4. Complainant has not established on the balance of probabilities that Respondent has no rights or legitimate interests in the disputed domain names.
5. Complainant has not established on the balance of probabilities that Respondent registered and used the disputed domain names in bad faith.
Paragraph 15(a) of the Rules instructs this Panel to "decide a complaint on the basis of the statements and documents submitted in accordance with the Policy, these Rules and any rules and principles of law that it deems applicable."
Paragraph 4(a) of the Policy requires that Complainant must prove each of the following three elements to obtain an order that the domain names should be cancelled or transferred:
(1) the domain names registered by Respondent are identical or confusingly similar to a trademark or service mark in which Complainant has rights; and
(2) Respondent has no rights or legitimate interests in respect of the domain names; and
(3) the domain names have been registered and are being used in bad faith.
The first issue that arises is whether Complainant has a trademark on which it can rely in this proceeding. It does not have a trademark that has been registered with a trademark authority and it is therefore necessary for it to establish a common law or unregistered trademark which is sufficient to enable a complaint under the Policy to succeed.
Complainant submits that it has common law trademark rights in C-BYTE, a mark which, it submits, it uses in connection with the sale of computer hardware and software. In order to acquire common law trademark rights under the Policy, a complainant must show that the mark has acquired secondary meaning identifying the mark with the complainant and its goods and services. See Mary’s Futons, Inc. v. Tex. Int’l Prop. Assocs., FA 1012059 (Nat. Arb. Forum Aug. 13, 2007) (finding that a complainant can only acquire a common law trademark by establishing the mark’s acquisition of secondary meaning). Relevant evidence of secondary meaning includes, but is not limited to, “length and amount of sales under the mark, the nature and extent of advertising, consumer surveys and media recognition.” See Gourmet Depot v. DI S.A., FA 1378760 (Nat. Arb. Forum June 21, 2011).
Complainant has not provided a great deal of evidence showing secondary meaning or generally as to whether it has a common law trademark as claimed. In the Complaint, it produced little evidence, as it is not enough simply to assert a common law trademark without proving it. It was for that reason, that the Panel issued its Procedural Order No.1 requesting Complainant, among other things, to show that it had “acquired a common law or unregistered trademark for C-BYTE and the facts showing how that common law or unregistered trademark is said to have been acquired and the approximate date from which that trademark is said to have commenced.” The order entitled Respondent to respond. To this order Complainant replied, first, that Complainant had been allocated office space and had procured office signs that were displayed at the premises and “noted on c-byte.us.org.” That appears to be a website to which one of Complainant’s other domain names resolves. The Panel has examined that website as it is the first concrete evidence that Complainant put forward and finds that it apparently shows a sign for “ C-Byte Computer Systems, LLC” , but not C-BYTE itself. That evidence does not show a common law trademark in C-BYTE itself. However, it is also true that the website in question shows several uses by Complainant of C-BYTE itself as the brand of its goods and services and the Panel takes that fact into account.

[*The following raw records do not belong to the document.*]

(** * A relation defeating every reduction of (n+1)-tuples *)

Fixpoint diag_args c m := if m is m'.+1 then npair c m' :: diag_args c m' else [::].

Lemma size_diag_args c m : size (diag_args c m) = m.
Proof. by elim: m => //= m ->. Qed.

Lemma nth_diag_args c m k : k < m -> nth 0 (diag_args c m) k = npair c (m.-1 - k).
Proof.
elim: m k => // m IH [|k] km /=; first by rewrite subn0.
by rewrite IH //; case: m IH km => // m _ km; congr npair; lia.
Qed.

Lemma computable_code_diag_args k F m : computable_n k F ->
  computable_n k (fun v => code_seq (diag_args (F v) m)).
Proof.
move=> HF; elim: m => [|m IH]; first exact: computable_const.
exact: computable_ccons (computable_npair HF (computable_const _ _)) IH.
Qed.

Section DiagonalRelation.
Variable n : nat.

(* [W] certifies that the [n.+1] programs coded by [c], run on [diag_args c n.+1],
   halt with pairwise distinct outputs. *)
Definition distinct_outputs c W :=
  [&& derivation_code (nfst W),
      ball n.+1 (fun k => cmem (judgment 0 (cnth k c) (code_seq (diag_args c n.+1))
        (cnth k (nsnd W))) (nfst W))
    & ball n.+1 (fun k => ball n.+1 (fun l => (k < l) ==> (cnth k (nsnd W) != cnth l (nsnd W))))].

Definition Fmatrix x y (u W : nat) := (x == y) || (nfst x == nfst y) && distinct_outputs (nfst x) W.
Definition Frel x y := forall u, exists W, Fmatrix x y u W.

Lemma FrelE x y : Frel x y <-> x = y \/ nfst x = nfst y /\ exists W, distinct_outputs (nfst x) W.
Proof.
split=> [/(_ 0) [W /orP[/eqP-> | /andP[/eqP xy1 dW]]] | [-> u | [xy1 [W dW]] u]].
- by left.
- by right; split => //; exists W.
- by exists 0; rewrite /Fmatrix eqxx.
by exists W; rewrite /Fmatrix xy1 eqxx -xy1 dW orbT.
Qed.
(* If [phi a <> phi b], the indicator of [phi = phi a], precomposed with the
   clamp to [a,b], would be continuous with values of both signs: the IVT fails. *)
Lemma locally_constant_endpoints (phi : R -> R) a b : a <= b ->
  (forall t, a <= t <= b -> exists d, d > 0 /\
     forall s, a <= s <= b -> Rabs (s - t) < d -> phi s = phi t) ->
  phi a = phi b.
Proof.
  intros Hab H. destruct (Req_dec a b) as [->|Hab']; [reflexivity|].
  destruct (Req_dec (phi b) (phi a)) as [E|E]; [symmetry; exact E|exfalso].
  set (chi := fun t => (if Req_EM_T (phi (clamp a b t)) (phi a) then 0 else 1) - / 2).
  assert (Hchi : continuity chi).
  { intros t. apply continuity_pt_locally_constant.
    destruct (H (clamp a b t) (clamp_in a b t Hab)) as [d [Hd Hloc]].
    exists d; split; [exact Hd|]. intros s Hs. unfold chi.
    rewrite (Hloc (clamp a b s)); [reflexivity | apply clamp_in, Hab |].
    eapply Rle_lt_trans; [apply clamp_lipschitz, Hab | exact Hs]. }
  assert (Ha : chi a < 0).
  { unfold chi. rewrite clamp_id by lra. destruct Req_EM_T; [lra | congruence]. }
  assert (Hb : 0 < chi b).
  { unfold chi. rewrite clamp_id by lra. destruct Req_EM_T; [congruence | lra]. }
  destruct (IVT chi a b Hchi ltac:(lra) Ha Hb) as [z [_ Hz]].
  unfold chi in Hz. destruct Req_EM_T; lra.
Qed.

Lemma continuity_pt_same_sign (f : R -> R) t : continuity_pt f t -> f t <> 0 ->
  exists d, d > 0 /\ forall s, Rabs (s - t) < d -> f s * f t > 0.
Proof.
  intros Hc Hf. destruct (Hc (Rabs (f t)) (Rabs_pos_lt _ Hf)) as [d [Hd H]].
  exists d; split; [exact Hd|]. intros s Hs.
  destruct (Req_dec s t) as [->|Hst]; [nra|].
  assert (Hd' := H s (conj (conj I (not_eq_sym Hst)) Hs)). simpl in Hd'. unfold R_dist in Hd'.
  revert Hd'. unfold Rabs; repeat destruct Rcase_abs; intros; nra.
Qed.

Lemma near_forall_lt (Q : nat -> R -> Prop) t m :
  (forall k, (k < m)%nat -> exists d, d > 0 /\ forall s, Rabs (s - t) < d -> Q k s) ->
  exists d, d > 0 /\ forall s, Rabs (s - t) < d -> forall k, (k < m)%nat -> Q k s.
Proof.
  induction m as [|m IH]; intros H.
  - exists 1; split; [lra|]. intros; lia.
  - destruct IH as [d1 [Hd1 H1]]; [intros; apply H; lia|].
    destruct (H m (Nat.lt_succ_diag_r m)) as [d2 [Hd2 H2]].
    exists (Rmin d1 d2); split; [apply Rmin_pos; assumption|].
    intros s Hs k Hk. destruct (Nat.eq_dec k m) as [->|Hkm].
    + apply H2. eapply Rlt_le_trans; [exact Hs | apply Rmin_r].
    + apply H1; [eapply Rlt_le_trans; [exact Hs | apply Rmin_l] | lia].
Qed.

(** * Sums of products of consecutive signs *)

(* [b_k b_{k+1} - a_k a_{k+1} = e_k a_{k+1} + a_k e_{k+1}] with [e = b - a], since
   [e_k e_{k+1} = 0]; after a cyclic shift the sum of the right-hand sides is
   [sum_k e_k (a_{k-1} + a_{k+1}) = 0]. *)
Lemma cyclic_products_isolated_zeros (N : nat) (a b : nat -> R) : (N >= 1)%nat ->
  periodic N a -> periodic N b ->
  (forall k, (k < N)%nat -> b k = a k \/
     (a k = 0 /\ a (k + (N - 1))%nat + a (S k) = 0 /\ b (S k) = a (S k))) ->
  rsum (fun k => b k * b (S k)) N = rsum (fun k => a k * a (S k)) N.
Proof.
  intros HN Ha Hb H. set (e := fun k => b k - a k).
  assert (Hsplit : rsum (fun k => b k * b (S k)) N = rsum (fun k => a k * a (S k)) N
            + rsum (fun k => e k * a (S k)) N + rsum (fun k => a k * e (S k)) N).
  { rewrite <- !rsum_plus. apply rsum_ext. intros k Hk. unfold e.
    destruct (H k Hk) as [E|[_ [_ E]]]; rewrite E; ring. }
  assert (Hshift : rsum (fun k => a k * e (S k)) N = rsum (fun k => a (k + (N - 1))%nat * e k) N).
  { rewrite <- (rsum_rot (fun k => a (k + (N - 1))%nat * e k) N) with (p := 1%nat).
    - apply rsum_ext. intros k _. replace (1 + k + (N - 1))%nat with (k + N)%nat by lia.
      rewrite Ha. reflexivity.
    - intros k. unfold e. replace (k + N + (N - 1))%nat with (k + (N - 1) + N)%nat by lia.
      rewrite Ha, Ha, Hb. reflexivity. }
  assert (Hzero : rsum (fun k => e k * a (S k)) N
                  + rsum (fun k => a (k + (N - 1))%nat * e k) N = 0).
  { rewrite <- rsum_plus. transitivity (rsum (fun _ => 0) N); [|rewrite rsum_const; ring].
    apply rsum_ext. intros k Hk. unfold e.
    destruct (H k Hk) as [E|[_ [E _]]]; [rewrite E; ring|].
    transitivity ((b k - a k) * (a (k + (N - 1))%nat + a (S k))); [ring|]. rewrite E; ring. }
  lra.
Qed.

Lemma rsum_sign_products_opposite_ends (s : nat -> R) :
  (forall k, s k = 1 \/ s k = -1 \/ s k = 0) ->
  forall len a, s a * s (a + len)%nat < 0 ->
  rsum (fun m => s (a + m)%nat * s (S (a + m))) len <= INR len - 1.
Proof.
  intros Hs.
  assert (Hle : forall k, s k * s (S k) <= 1).
  { intros k. destruct (Hs k) as [->|[->| ->]]; destruct (Hs (S k)) as [->|[->| ->]]; lra. }
  induction len as [|len IH]; intros a H; [rewrite Nat.add_0_r in H; nra|].
  rewrite rsum_shift, S_INR, Nat.add_0_r.
  replace (rsum (fun k => s (a + S k)%nat * s (S (a + S k))) len)
    with (rsum (fun m => s (S a + m)%nat * s (S (S a + m))) len)
    by (apply rsum_ext; intros; rewrite Nat.add_succ_comm; reflexivity).
  destruct (Req_dec (s a * s (S a)) 1) as [E|E].
  - assert (Ea : s a = s (S a)).
    { destruct (Hs a) as [e|[e|e]]; destruct (Hs (S a)) as [e'|[e'|e']]; rewrite e, e' in *; lra. }
    assert (IH' := IH (S a)). rewrite <- Ea, Nat.add_succ_comm in IH'.
    specialize (IH' H). lra.
  - assert (s a * s (S a) <= 0).
    { destruct (Hs a) as [e|[e|e]]; destruct (Hs (S a)) as [e'|[e'|e']]; rewrite e, e' in *; lra. }
    assert (rsum (fun m => s (S a + m)%nat * s (S (S a + m))) len <= rsum (fun _ => 1) len)
      by (apply rsum_le; intros; apply Hle).
    rewrite rsum_const in *. lra.
Qed.

Lemma rsum_arcs (f : nat -> R) p q r : (p <= q)%nat -> (q <= r)%nat ->
  rsum (fun k => f (p + k)%nat) (r - p)
  = rsum (fun k => f (p + k)%nat) (q - p) + rsum (fun k => f (q + k)%nat) (r - q).
Proof.
  intros Hpq Hqr. replace (r - p)%nat with ((q - p) + (r - q))%nat by lia.
  rewrite rsum_split. f_equal. apply rsum_ext. intros. f_equal. lia.
Qed.
(* Let $\mathbb{I}\subseteq\mathbb{Z}$ be a discrete interval and $A$ a band operator on $\ell^2(\mathbb{I})$ with band-width $w$. Then for every $N\in\mathbb{N}$, \[ \nu_N(A)=\inf\{\nu_{j..j+N-1}(A):j..j+N-1\subseteq\mathbb{I}\}=\inf\{\nu(C):C\in\mathcal{C}_N(A)\}. \]
   Context: $a..b:=\{n\in\mathbb{Z}:a\le n\le b\}$; a discrete interval is a set of consecutive integers (finite or infinite). A band operator with band-width $w$ has matrix entries $A_{ij}=0$ for $|i-j|>w$. $\nu(T):=\inf\{\|Tx\|:\|x\|=1\}$ (for a matrix $C$, as an operator between finite-dimensional $\ell^2$ spaces); $\nu_N(A):=\inf\{\|Ax\|:\|x\|=1,\operatorname{diam}(\operatorname{supp}x)<N\}$; $\nu_{J}(A):=\inf\{\|Ax\|:\operatorname{supp}x\subseteq J,\|x\|=1\}$. $\mathcal{C}_N(A)$ is the set of $(N+2w)\times N$ matrices $C=(C_{ij})_{i\in1-w..N+w,\,j\in1..N}$ with $C_{ij}=A_{k+i,k+j}$ for some $k$ with $k+1..k+N\subseteq\mathbb{I}$, where $C_{ij}:=0$ if $A_{k+i,k+j}$ is undefined. *)

From HB Require Import structures.
From mathcomp Require Import all_boot all_order all_algebra.
From mathcomp Require Import complex.
From mathcomp Require Import boolp classical_sets reals.
Set Implicit Arguments. Unset Strict Implicit. Unset Printing Implicit Defensive.
Import Order.TTheory GRing.Theory Num.Theory.
Local Open Scope ring_scope.
Local Open Scope classical_set_scope.

Section Defs.
Variable R : realType.

Definition cabs2 (z : R[i]) : R := complex.Re z ^+ 2 + complex.Im z ^+ 2.

Definition dint (a b : int) : set int := [set n | a <= n <= b].

Definition is_dinterval (I : set int) : Prop :=
  forall a b c : int, I a -> I c -> a <= b <= c -> I b.
Definition fold_star : StepF Prop -> Prop :=
  Sfold (fun p => p) (fun _ p q => p /\ q).
Definition fold_sup : StepF rat -> rat :=
  Sfold (fun x => x) (fun _ x y => Num.max x y).
Definition fold_affine : StepF rat -> rat :=
  Sfold (fun x => x) (fun o x y => ouv o * x + (1 - ouv o) * y).

Definition stepEq {X : Type} (eqv : X -> X -> Prop) (f g : StepF X) : Prop :=
  fold_star (Sbin eqv f g).

Definition normInf (f : StepF rat) : rat := fold_sup (Smap (fun x => `|x|) f).
Definition norm1 (f : StepF rat) : rat := fold_affine (Smap (fun x => `|x|) f).

Definition ballInf (e : rat) (f g : StepF rat) : Prop :=
  normInf (Sbin (fun u v => u - v) f g) <= e.
Definition ball1 (e : rat) (f g : StepF rat) : Prop :=
  norm1 (Sbin (fun u v => u - v) f g) <= e.

Definition ballSInf {X : Type} (B : rat -> X -> X -> Prop) (e : rat)
  (f g : StepF X) : Prop :=
  fold_star (Sap (Smap (B e) f) g).

Record is_metric (X : Type) (eqv : X -> X -> Prop) (B : rat -> X -> X -> Prop)
  : Prop := {
  ms_refl : forall x, eqv x x;
  ms_sym : forall x y, eqv x y -> eqv y x;
  ms_trans : forall x y z, eqv x y -> eqv y z -> eqv x z;
  ms_resp : forall e x x' y y', 0 < e -> eqv x x' -> eqv y y' ->
              (B e x y <-> B e x' y');
  ms_ball_refl : forall e x, 0 < e -> B e x x;
  ms_ball_sym : forall e x y, 0 < e -> B e x y -> B e y x;
  ms_ball_triangle : forall e1 e2 x y z, 0 < e1 -> 0 < e2 ->
              B e1 x y -> B e2 y z -> B (e1 + e2) x z;
  ms_ball_closed : forall e x y, 0 < e ->
              (forall d, e < d -> B d x y) -> B e x y;
  ms_ball_eq : forall x y, (forall e, 0 < e -> B e x y) -> eqv x y
}.
Arguments is_metric : clear implicits.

Complainant also replied to the order by submitting that the Respondent had completed the “sale/assignment of (the domain names) c-byte.com and c-byte.net through transferring the domains on February 7 and 8th 2013”, a submission made presumably to show that Complainant had adopted C-BYTE as its business name and trademark.
Complainant’s next point is that Complainant had acquired an EV SSL certificate
for <c-byte.com> and “a regular SSL certificate for c-byte.net”, together with a
professional opinion letter to update the certificate. This shows that
Complainant was incorporated on February 5, 2013 and is in good standing, but
it is of limited value in showing, by itself, that Complainant has any trademark
rights to C-BYTE or that it has used C-BYTE alone as the badge of its goods and
services to the extent that it showed a common law trade mark.
Complainant also relies on the fact that it is incorporated as a company and that
it has a physical location, products, services, signage and domain names that
“collectively add up to a common law trademark”. However, Complainant has to
prove that it has trademark rights in C-BYTE itself, and Complainant appears to
accept that statement by submitting that “The Complainant business name
contains common words “Computer Systems LLC” not eligible for common law or
trademark registration, so that leaves “C-Byte as the distinguishing feature of the
trademark and why domains that are clearly “c-byte” would matter to the
company.”
Complainant has shown its status as a limited liability company (LLC), showing that at least it uses “c-byte” as part of its company name. Complainant also has a physical location and products that it promotes under the name C-BYTE. Complainant has also registered 26 domain names incorporating the expression C-BYTE in domain names, for example <c-byte.net>, <c-byte computersystems.com> and <c-byte.solutions>. The panel has tested some of these domain names and has found them to be in active use in promoting Complainant’s goods and services in computer equipment, communications and related fields under the name C-BYTE, so it would appear that Complainant is using C-BYTE as a brand for those products, that it is offering them for sale under that name and that at least to some extent the community has come to accept C-BYTE to be a trademark associated with Complainant.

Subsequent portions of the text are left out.